[Items from a data source]
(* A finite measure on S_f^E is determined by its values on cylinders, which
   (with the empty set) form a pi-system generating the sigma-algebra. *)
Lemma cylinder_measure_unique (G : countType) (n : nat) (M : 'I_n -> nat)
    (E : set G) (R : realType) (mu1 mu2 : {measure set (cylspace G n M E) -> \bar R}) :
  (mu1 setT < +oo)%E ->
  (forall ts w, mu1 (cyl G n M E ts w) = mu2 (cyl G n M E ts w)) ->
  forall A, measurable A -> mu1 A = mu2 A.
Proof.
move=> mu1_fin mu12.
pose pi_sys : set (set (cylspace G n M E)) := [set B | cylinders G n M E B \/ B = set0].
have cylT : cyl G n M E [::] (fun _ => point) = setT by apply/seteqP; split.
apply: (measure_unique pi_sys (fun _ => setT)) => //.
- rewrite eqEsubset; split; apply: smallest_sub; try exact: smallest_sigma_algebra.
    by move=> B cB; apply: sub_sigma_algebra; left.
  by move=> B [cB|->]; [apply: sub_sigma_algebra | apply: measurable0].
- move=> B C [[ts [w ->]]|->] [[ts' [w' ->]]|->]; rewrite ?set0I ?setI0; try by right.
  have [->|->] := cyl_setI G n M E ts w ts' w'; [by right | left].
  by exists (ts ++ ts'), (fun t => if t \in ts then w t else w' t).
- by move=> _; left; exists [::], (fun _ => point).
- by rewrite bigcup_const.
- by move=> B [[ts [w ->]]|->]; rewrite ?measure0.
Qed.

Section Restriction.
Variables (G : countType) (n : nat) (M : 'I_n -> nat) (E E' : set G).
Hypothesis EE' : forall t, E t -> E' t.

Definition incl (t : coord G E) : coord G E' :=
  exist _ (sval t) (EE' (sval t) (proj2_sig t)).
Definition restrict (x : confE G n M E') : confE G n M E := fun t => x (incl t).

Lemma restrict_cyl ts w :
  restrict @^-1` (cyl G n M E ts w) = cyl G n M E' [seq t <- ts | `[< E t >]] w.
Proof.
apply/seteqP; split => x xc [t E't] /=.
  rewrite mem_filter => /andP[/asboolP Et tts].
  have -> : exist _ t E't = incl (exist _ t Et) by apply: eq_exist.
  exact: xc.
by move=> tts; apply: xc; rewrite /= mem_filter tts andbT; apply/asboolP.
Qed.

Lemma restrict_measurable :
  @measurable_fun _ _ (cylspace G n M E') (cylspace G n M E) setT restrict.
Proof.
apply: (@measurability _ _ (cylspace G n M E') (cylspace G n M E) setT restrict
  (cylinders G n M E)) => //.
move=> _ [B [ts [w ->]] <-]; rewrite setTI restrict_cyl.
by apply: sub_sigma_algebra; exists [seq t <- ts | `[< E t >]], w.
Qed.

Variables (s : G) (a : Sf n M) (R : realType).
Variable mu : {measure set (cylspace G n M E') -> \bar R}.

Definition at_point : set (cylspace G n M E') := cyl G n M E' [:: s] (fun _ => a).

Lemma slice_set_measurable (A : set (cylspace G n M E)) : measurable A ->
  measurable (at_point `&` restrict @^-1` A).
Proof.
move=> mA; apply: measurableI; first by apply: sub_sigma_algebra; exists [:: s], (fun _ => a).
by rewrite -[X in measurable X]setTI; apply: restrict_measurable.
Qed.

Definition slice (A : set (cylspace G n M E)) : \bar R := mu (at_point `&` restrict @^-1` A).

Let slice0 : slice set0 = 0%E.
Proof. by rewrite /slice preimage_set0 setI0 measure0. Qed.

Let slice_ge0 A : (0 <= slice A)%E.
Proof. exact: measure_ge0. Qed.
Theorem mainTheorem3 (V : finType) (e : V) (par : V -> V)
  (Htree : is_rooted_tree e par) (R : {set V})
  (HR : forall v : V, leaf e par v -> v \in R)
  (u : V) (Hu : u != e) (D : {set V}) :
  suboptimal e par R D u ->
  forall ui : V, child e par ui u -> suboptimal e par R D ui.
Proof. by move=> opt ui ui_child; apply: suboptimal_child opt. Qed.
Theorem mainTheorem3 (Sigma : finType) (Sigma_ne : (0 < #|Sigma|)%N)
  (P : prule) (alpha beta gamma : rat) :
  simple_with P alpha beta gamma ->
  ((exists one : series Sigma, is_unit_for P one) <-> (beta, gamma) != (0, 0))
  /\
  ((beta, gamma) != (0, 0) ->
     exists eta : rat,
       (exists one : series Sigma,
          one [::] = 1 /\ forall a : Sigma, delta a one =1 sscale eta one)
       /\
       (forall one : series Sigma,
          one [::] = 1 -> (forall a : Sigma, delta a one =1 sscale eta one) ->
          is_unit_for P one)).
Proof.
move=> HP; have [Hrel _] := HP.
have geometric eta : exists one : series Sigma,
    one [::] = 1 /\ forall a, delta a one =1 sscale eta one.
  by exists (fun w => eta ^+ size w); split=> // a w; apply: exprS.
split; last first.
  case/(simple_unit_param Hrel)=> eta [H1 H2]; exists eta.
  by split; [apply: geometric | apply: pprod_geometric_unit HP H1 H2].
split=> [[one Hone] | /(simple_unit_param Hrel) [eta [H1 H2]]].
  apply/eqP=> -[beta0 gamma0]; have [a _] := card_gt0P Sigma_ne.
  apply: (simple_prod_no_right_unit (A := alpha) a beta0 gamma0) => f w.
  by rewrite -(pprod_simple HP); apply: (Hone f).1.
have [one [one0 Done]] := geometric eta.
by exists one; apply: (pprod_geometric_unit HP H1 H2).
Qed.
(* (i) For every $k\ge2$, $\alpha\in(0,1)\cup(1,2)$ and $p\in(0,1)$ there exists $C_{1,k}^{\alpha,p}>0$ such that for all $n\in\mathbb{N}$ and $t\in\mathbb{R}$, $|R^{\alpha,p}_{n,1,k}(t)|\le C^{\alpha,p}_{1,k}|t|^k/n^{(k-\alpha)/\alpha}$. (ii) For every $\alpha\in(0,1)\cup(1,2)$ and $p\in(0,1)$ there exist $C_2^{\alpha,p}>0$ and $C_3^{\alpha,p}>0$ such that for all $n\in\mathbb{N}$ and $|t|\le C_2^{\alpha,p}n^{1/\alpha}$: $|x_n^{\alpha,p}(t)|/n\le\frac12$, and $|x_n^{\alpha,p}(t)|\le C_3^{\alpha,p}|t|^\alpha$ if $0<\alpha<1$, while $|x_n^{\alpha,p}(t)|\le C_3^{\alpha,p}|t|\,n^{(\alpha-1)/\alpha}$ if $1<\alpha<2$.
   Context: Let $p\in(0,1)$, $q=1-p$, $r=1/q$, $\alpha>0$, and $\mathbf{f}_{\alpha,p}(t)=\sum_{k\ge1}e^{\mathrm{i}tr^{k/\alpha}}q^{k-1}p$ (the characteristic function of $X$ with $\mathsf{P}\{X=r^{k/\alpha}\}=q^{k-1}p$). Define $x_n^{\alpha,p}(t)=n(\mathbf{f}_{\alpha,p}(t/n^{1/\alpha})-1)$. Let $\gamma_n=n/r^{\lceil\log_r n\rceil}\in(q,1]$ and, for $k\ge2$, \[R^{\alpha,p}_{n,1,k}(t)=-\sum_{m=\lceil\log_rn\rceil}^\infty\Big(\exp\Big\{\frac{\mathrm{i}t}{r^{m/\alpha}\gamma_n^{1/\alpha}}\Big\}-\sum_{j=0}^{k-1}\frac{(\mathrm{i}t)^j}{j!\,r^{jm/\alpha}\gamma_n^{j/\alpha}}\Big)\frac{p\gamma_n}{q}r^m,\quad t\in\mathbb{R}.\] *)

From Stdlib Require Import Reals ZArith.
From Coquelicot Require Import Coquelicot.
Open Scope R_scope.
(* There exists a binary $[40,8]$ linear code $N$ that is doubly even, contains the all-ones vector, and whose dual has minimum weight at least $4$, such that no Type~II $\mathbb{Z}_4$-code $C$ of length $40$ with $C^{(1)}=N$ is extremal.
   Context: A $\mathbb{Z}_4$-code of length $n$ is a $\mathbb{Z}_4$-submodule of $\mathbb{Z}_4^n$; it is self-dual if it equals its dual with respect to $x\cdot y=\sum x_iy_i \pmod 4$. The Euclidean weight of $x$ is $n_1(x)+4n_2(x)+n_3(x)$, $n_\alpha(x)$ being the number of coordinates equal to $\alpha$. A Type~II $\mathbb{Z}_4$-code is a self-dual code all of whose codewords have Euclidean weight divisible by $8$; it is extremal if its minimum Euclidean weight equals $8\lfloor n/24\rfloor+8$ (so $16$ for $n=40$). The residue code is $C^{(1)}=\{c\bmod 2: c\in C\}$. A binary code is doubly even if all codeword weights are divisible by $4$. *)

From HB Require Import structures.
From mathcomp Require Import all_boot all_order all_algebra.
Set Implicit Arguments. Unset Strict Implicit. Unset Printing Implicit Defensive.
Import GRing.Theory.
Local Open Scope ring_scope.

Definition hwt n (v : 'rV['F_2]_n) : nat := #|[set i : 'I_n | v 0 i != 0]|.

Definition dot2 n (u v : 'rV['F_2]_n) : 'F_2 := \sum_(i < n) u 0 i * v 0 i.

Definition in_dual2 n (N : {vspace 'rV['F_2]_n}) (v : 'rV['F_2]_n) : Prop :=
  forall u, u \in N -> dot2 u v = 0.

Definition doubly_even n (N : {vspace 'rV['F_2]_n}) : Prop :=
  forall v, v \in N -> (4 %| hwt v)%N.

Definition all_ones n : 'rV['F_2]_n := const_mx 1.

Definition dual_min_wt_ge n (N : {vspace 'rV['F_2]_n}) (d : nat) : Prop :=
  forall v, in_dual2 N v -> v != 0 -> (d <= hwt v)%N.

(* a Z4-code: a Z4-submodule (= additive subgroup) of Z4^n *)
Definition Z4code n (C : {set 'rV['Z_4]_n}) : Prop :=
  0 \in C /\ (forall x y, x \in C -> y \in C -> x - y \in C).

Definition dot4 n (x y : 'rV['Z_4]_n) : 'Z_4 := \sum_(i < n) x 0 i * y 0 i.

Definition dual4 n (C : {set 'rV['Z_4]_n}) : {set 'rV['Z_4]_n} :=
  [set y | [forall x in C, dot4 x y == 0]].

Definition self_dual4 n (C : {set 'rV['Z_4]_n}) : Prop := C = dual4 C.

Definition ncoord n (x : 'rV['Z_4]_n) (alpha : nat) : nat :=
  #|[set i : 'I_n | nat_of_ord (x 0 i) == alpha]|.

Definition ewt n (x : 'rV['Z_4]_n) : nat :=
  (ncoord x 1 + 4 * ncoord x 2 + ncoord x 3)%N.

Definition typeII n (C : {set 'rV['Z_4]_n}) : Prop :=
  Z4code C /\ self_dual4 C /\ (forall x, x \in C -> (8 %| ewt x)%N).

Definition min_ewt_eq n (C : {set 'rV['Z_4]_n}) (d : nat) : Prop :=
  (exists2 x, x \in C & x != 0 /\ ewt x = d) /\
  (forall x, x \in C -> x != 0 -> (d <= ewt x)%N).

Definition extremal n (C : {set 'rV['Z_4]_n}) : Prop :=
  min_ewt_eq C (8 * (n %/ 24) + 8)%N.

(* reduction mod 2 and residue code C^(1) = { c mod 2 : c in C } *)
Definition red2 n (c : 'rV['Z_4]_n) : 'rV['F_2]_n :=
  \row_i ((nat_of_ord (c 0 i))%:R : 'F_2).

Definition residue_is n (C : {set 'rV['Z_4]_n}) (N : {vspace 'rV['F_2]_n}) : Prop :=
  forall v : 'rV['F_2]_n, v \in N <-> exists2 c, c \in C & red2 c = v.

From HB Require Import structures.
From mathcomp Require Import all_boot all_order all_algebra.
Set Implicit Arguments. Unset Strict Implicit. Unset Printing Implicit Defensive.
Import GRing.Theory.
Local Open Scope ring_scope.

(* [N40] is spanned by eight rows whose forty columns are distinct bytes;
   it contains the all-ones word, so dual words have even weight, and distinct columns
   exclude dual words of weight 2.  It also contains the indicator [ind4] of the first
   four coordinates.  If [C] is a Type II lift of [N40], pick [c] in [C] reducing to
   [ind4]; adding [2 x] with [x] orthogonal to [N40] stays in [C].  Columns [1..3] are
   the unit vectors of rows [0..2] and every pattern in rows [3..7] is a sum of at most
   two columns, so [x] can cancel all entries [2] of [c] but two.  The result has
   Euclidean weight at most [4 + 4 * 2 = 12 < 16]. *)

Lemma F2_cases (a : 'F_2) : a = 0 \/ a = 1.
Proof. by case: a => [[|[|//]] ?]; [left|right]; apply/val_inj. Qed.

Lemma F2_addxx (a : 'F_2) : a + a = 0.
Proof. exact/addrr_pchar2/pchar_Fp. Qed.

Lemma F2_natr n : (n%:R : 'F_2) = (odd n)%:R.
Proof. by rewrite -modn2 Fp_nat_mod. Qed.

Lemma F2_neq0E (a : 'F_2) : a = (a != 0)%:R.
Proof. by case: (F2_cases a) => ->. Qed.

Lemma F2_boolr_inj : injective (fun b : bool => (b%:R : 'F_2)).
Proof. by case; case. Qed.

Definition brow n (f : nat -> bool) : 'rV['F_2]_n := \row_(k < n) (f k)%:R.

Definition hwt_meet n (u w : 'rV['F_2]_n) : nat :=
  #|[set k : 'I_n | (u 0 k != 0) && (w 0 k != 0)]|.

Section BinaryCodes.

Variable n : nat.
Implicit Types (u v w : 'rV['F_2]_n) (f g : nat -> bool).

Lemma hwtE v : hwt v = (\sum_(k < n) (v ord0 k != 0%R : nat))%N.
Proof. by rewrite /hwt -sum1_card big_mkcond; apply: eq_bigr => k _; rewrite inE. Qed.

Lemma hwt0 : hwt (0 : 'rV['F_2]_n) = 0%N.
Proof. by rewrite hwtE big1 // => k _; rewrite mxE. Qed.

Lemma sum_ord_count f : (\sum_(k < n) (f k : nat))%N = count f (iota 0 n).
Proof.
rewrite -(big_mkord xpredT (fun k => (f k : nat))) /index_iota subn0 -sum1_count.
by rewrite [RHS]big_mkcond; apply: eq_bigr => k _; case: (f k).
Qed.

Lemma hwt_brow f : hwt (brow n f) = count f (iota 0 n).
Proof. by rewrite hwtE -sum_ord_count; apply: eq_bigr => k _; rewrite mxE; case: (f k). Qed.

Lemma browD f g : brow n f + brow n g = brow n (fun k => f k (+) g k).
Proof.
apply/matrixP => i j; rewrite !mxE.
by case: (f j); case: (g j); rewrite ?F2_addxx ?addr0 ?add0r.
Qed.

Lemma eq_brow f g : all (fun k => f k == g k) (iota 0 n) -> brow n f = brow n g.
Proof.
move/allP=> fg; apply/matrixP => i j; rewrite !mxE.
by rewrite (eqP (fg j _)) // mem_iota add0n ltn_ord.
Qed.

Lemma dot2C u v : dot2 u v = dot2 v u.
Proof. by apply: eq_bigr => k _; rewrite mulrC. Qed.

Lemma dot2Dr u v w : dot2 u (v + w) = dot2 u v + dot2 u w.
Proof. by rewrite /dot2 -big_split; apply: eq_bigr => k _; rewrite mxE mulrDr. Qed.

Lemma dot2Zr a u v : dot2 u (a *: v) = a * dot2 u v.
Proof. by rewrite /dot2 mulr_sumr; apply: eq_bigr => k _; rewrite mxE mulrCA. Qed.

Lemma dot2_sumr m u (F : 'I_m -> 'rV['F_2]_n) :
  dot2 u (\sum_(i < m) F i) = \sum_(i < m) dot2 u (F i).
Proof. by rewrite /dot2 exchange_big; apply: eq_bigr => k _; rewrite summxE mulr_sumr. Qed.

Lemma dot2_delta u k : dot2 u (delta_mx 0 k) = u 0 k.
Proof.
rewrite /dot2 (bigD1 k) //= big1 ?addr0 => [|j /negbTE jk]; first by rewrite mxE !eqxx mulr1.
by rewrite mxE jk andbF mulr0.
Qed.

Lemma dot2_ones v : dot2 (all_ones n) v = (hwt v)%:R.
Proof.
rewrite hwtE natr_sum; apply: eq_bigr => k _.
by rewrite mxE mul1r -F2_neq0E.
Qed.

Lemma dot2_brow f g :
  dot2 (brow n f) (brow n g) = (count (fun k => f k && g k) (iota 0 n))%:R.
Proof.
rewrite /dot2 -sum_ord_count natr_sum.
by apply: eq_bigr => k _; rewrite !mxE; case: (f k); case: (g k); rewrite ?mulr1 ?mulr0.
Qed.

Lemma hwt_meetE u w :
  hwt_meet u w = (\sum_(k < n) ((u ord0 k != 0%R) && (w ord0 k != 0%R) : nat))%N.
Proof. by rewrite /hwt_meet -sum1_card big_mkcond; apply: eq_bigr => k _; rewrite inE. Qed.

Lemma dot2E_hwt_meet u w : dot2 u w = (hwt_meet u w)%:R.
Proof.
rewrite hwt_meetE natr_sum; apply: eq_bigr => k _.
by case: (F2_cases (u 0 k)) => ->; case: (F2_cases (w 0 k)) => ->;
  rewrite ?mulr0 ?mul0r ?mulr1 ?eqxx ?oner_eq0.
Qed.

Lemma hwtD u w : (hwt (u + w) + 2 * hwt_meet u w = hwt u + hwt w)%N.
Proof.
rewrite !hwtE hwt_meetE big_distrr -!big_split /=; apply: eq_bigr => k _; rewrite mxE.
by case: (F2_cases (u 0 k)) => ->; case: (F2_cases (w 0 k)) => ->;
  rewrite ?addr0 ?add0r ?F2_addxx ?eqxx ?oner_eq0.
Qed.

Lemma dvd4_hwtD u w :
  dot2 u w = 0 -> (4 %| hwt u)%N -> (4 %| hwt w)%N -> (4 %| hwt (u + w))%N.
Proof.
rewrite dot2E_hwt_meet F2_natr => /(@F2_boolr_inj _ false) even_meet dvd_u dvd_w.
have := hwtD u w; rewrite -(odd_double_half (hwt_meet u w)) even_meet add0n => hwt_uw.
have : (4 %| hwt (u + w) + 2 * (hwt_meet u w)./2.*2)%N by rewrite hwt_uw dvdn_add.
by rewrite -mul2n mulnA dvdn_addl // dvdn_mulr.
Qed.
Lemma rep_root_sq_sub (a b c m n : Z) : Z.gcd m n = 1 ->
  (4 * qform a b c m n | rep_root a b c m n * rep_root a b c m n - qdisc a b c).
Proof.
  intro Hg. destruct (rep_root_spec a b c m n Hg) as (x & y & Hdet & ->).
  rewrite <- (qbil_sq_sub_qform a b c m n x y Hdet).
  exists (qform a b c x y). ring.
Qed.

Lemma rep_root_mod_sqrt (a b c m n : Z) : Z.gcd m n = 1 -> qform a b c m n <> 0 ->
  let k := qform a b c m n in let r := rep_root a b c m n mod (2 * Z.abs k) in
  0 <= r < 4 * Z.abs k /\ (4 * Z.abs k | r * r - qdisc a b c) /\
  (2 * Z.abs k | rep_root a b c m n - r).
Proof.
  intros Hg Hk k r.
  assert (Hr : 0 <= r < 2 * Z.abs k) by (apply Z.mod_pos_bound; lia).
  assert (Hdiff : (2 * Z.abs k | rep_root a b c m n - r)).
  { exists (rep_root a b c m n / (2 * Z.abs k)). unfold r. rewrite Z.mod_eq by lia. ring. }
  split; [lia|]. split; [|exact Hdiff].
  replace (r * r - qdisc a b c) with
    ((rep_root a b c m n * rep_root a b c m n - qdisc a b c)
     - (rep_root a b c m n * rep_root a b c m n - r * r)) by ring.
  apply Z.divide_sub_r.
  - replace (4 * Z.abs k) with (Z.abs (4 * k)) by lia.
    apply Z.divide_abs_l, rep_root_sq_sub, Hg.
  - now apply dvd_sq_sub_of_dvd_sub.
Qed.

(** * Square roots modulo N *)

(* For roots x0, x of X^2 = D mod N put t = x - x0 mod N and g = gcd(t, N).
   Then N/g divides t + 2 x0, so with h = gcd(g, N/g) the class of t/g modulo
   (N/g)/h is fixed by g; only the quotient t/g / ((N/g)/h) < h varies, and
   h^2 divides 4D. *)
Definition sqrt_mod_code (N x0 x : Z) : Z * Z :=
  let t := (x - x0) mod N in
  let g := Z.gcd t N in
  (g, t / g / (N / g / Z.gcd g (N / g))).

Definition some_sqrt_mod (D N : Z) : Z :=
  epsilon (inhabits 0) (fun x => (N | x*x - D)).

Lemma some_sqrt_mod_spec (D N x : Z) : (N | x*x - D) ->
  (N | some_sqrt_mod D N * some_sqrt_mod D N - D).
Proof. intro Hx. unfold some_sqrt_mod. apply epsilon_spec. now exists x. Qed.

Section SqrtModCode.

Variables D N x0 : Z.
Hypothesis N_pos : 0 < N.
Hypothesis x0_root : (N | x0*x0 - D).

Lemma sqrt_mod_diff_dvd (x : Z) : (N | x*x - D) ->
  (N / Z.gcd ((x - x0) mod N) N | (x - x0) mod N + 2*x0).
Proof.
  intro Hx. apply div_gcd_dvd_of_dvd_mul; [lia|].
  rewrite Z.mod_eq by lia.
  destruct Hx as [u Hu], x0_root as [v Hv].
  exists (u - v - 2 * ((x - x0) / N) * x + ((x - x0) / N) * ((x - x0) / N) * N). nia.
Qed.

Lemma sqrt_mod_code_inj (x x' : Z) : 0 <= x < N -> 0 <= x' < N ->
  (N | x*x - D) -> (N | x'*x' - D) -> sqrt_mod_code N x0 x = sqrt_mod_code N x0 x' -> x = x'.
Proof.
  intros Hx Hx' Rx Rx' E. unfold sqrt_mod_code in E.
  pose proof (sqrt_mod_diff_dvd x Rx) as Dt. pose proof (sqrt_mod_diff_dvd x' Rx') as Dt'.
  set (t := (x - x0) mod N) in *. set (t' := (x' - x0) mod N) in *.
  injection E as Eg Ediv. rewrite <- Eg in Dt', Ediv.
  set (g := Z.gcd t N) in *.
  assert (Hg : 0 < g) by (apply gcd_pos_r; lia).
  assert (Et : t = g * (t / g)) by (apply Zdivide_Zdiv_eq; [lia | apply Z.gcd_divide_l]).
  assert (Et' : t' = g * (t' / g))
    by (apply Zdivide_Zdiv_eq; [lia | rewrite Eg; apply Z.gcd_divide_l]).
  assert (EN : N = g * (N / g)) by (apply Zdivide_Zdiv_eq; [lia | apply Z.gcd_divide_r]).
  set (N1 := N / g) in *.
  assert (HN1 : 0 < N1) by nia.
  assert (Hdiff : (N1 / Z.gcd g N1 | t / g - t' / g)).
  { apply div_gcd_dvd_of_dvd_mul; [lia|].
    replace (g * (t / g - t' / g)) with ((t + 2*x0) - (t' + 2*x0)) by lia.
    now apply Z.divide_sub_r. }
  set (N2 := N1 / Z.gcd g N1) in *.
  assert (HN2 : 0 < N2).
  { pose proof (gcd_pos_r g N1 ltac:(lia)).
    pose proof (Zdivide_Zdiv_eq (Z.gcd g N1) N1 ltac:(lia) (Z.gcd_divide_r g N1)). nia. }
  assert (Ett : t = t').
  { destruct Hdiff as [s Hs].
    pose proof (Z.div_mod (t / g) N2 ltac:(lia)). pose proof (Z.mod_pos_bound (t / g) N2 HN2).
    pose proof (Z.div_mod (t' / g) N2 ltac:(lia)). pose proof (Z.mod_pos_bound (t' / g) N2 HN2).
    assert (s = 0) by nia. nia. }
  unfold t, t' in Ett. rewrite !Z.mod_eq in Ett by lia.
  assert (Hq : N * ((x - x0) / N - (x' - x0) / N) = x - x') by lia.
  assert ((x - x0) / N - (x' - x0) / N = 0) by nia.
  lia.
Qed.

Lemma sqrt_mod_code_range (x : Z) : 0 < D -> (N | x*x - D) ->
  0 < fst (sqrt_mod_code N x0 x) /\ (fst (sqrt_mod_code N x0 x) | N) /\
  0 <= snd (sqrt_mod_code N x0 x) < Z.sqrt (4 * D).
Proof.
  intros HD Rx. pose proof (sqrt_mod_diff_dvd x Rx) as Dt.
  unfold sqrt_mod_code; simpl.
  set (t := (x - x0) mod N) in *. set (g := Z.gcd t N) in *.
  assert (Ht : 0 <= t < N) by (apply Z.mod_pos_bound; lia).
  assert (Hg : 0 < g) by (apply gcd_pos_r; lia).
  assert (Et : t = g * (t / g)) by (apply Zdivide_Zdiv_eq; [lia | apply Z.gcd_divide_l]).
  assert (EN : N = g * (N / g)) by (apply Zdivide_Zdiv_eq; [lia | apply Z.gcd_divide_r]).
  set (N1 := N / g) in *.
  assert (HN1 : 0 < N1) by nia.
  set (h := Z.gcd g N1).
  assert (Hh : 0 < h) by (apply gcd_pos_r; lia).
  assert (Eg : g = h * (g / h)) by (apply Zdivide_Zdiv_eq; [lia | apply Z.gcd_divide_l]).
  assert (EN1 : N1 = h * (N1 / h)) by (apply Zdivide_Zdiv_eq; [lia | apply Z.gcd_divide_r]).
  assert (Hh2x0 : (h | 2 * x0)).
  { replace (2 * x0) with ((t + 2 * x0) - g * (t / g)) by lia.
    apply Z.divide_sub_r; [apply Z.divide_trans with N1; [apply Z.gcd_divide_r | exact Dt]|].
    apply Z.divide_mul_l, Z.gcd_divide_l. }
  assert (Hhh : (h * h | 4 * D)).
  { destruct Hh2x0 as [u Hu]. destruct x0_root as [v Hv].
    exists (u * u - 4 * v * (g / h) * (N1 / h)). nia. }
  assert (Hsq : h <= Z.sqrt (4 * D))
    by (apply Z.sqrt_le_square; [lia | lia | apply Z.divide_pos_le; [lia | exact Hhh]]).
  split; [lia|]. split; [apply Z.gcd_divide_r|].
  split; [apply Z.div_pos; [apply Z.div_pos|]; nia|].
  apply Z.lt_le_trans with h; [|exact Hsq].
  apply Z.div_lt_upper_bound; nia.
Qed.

INSTRUCTIONS TO FOLLOW: What is needed is a word-for-word copy of the records above, from the first line through the line that contains "- move=> B C".

SOLUTION TO THIS TASK:
(* A finite measure on S_f^E is determined by its values on cylinders, which
   (with the empty set) form a pi-system generating the sigma-algebra. *)
Lemma cylinder_measure_unique (G : countType) (n : nat) (M : 'I_n -> nat)
    (E : set G) (R : realType) (mu1 mu2 : {measure set (cylspace G n M E) -> \bar R}) :
  (mu1 setT < +oo)%E ->
  (forall ts w, mu1 (cyl G n M E ts w) = mu2 (cyl G n M E ts w)) ->
  forall A, measurable A -> mu1 A = mu2 A.
Proof.
move=> mu1_fin mu12.
pose pi_sys : set (set (cylspace G n M E)) := [set B | cylinders G n M E B \/ B = set0].
have cylT : cyl G n M E [::] (fun _ => point) = setT by apply/seteqP; split.
apply: (measure_unique pi_sys (fun _ => setT)) => //.
- rewrite eqEsubset; split; apply: smallest_sub; try exact: smallest_sigma_algebra.
    by move=> B cB; apply: sub_sigma_algebra; left.
  by move=> B [cB|->]; [apply: sub_sigma_algebra | apply: measurable0].
- move=> B C [[ts [w ->]]|->] [[ts' [w' ->]]|->]; rewrite ?set0I ?setI0; try by right.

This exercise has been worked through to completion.